On 26 April 2010 22:29, Richard Boulton <[email protected]> wrote:
> PDFs vary massively in how hard it is to automatically extract
> structure from them. I've been playing with this quite a bit lately
> (really must write a blog post about it soon, and document some sample
> code I've been working on). Meanwhile, if you can point me at a few
> example PDFs and tell me what you'd like to automatically extract from
> them, I'd be happy to have a good go at them.

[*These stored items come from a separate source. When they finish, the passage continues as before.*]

(* Let $X,Y$ be finite nonempty sets, $\alpha>0$, and let $A\in\mathbb{R}^{X\times Y}$ satisfy $\operatorname{Ldim}_\alpha(A)=d$, $\|A\|_{\gamma_2}=\gamma$ and $\max_{x,y}|A(x,y)|=M$. Then $$\gamma\ge\frac{\alpha\sqrt d}{2(M+1)}-1 .$$ Consequently (since $M\le\gamma$), $d\le 4(\gamma+1)^4/\alpha^2$; in particular $d=O_\alpha(\gamma^4)$.
   Context: The $\gamma_2$ factorization norm of a matrix $A$ is $\|A\|_{\gamma_2}=\min_{UV=A}\|U\|_{\mathrm{row}}\|V\|_{\mathrm{col}}$, where the minimum is over all factorizations $A=UV$, $\|U\|_{\mathrm{row}}$ is the largest Euclidean norm of a row of $U$ and $\|V\|_{\mathrm{col}}$ the largest Euclidean norm of a column of $V$. A weighted mistake tree of depth $d$ over $X$ is a complete binary tree of depth $d$ in which each internal node $\nu$ is labelled by $x(\nu)\in X$ and a real number $w(\nu)$, with a designated left and right child. $A$ $\alpha$-shatters it if for every root-to-leaf path $(\nu_1,\dots,\nu_{d+1})$ there is $y\in Y$ such that for all $1\le i\le d$: $A(x(\nu_i),y)\ge w(\nu_i)+\alpha/2$ if $\nu_{i+1}$ is the left child of $\nu_i$, and $A(x(\nu_i),y)\le w(\nu_i)-\alpha/2$ if $\nu_{i+1}$ is the right child. $\operatorname{Ldim}_\alpha(A)$ is the largest $d$ such that some weighted mistake tree of depth $d$ is $\alpha$-shattered by $A$. *)

From HB Require Import structures.
From mathcomp Require Import all_boot all_order all_algebra.
From mathcomp Require Import classical_sets reals.
Set Implicit Arguments. Unset Strict Implicit. Unset Printing Implicit Defensive.
Import Order.TTheory GRing.Theory Num.Theory.
Local Open Scope ring_scope.
Local Open Scope classical_set_scope.

Section Defs.
Variables (R : realType) (X Y : finType).

Definition row_norm (k : nat) (U : X -> 'I_k -> R) : R :=
  \big[Num.max/0]_(x : X) Num.sqrt (\sum_(i < k) U x i ^+ 2).

Definition col_norm (k : nat) (V : 'I_k -> Y -> R) : R :=
  \big[Num.max/0]_(y : Y) Num.sqrt (\sum_(i < k) V i y ^+ 2).

Definition factorizes (A : X -> Y -> R) (k : nat)
  (U : X -> 'I_k -> R) (V : 'I_k -> Y -> R) : Prop :=
  forall x y, A x y = \sum_(i < k) U x i * V i y.
Arguments factorizes : clear implicits.

Definition gamma2 (A : X -> Y -> R) : R :=
  inf [set r : R | exists k (U : X -> 'I_k -> R) (V : 'I_k -> Y -> R),
         factorizes A k U V /\ r = row_norm U * col_norm V].

Definition max_abs (A : X -> Y -> R) : R :=
  \big[Num.max/0]_(x : X) \big[Num.max/0]_(y : Y) `|A x y|.

(* A weighted mistake tree of depth d: internal nodes are bit strings
   of length < d (true = go to the left child); node v is labelled by
   xl v : X and wl v : R.  A root-to-leaf path is a d-tuple of bits b,
   visiting the nodes take i b (i < d). *)
Definition shatters (A : X -> Y -> R) (alpha : R) (d : nat)
  (xl : seq bool -> X) (wl : seq bool -> R) : Prop :=
  forall b : d.-tuple bool, exists y : Y, forall i : 'I_d,
    let v := take i b in
    if tnth b i then wl v + alpha / 2 <= A (xl v) y
    else A (xl v) y <= wl v - alpha / 2.

Definition shattered_at_depth (A : X -> Y -> R) (alpha : R) (d : nat) : Prop :=
  exists (xl : seq bool -> X) (wl : seq bool -> R), shatters A alpha d xl wl.

Definition Ldim_is (A : X -> Y -> R) (alpha : R) (d : nat) : Prop :=
  shattered_at_depth A alpha d /\
  forall d', shattered_at_depth A alpha d' -> (d' <= d)%N.

End Defs.

From mathcomp Require Import all_boot all_order all_algebra.
From mathcomp Require Import classical_sets reals.
From mathcomp Require Import ring lra.
Set Implicit Arguments. Unset Strict Implicit. Unset Printing Implicit Defensive.
Import Order.TTheory GRing.Theory Num.Theory.
Local Open Scope ring_scope.

(* Fix a factorization A = U V with row and column norms r and c, and embed a
   tree node s and a column y as u_s = (t U(x_s), -w_s), v_y = (V(., y) / t, 1),
   so that A(x_s, y) - w_s = <u_s, v_y>.  Walk down the tree like a perceptron
   that is always wrong: at node s go to the child whose sign b makes
   b <u_s, P> <= 0, where P is the signed sum of the features met so far.  Then
   |P|^2 grows by at most |u_s|^2 <= t^2 r^2 + M^2 per step (|w_s| <= M as both
   children of s are realized), while the column y
   shattering the leaf reached gives d alpha / 2 <= <P, v_y> <= |P| |v_y|.  With
   t^2 = c / r this yields d alpha^2 <= 4 (rc + M^2)(rc + 1) <= 4 (M+1)^2 (rc+1)^2. *)

Lemma sumr_option (V : nmodType) (I : finType) (F : option I -> V) :
  \sum_(o : option I) F o = F None + \sum_i F (Some i).
Proof. by rewrite ![index_enum _]unlock [@Finite.enum in LHS]unlock /= big_cons big_map. Qed.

Hmm - I found the PDFs via Francis' blog post. The offical draft is
reasonably managable, and I reckon a couple of hours of work could
pull out the sections of text, with the footnotes attached to the
appropriate sections.
Unfortunately, the leaked draft is just a set of scanned images copied
into PDF form, with no attached text version. This means that any
automated analysis is going to have to start by OCRing the text (which
might be a hard job in itself, since much of the text is in fuzzy grey
with a heavy "watermark" ("EU and member states") across the
background. Once you've OCRed it, it would be a case of writing some
rules to determine where footnotes start on the page, and to look for
the cross references. An interesting project, but probably much more
suitable for crowdsourcing (or just sitting at a computer for a couple
of days to type it all in).
Once you have the two documents, I assume you'd want, for each piece
of text marked by a footnote in the official document, to find similar
sections in the leaked document, and the footnotes from those pieces
of text. This could probably done with a fair degree of success by a
standard text similarity search algorithm (and then checked manually).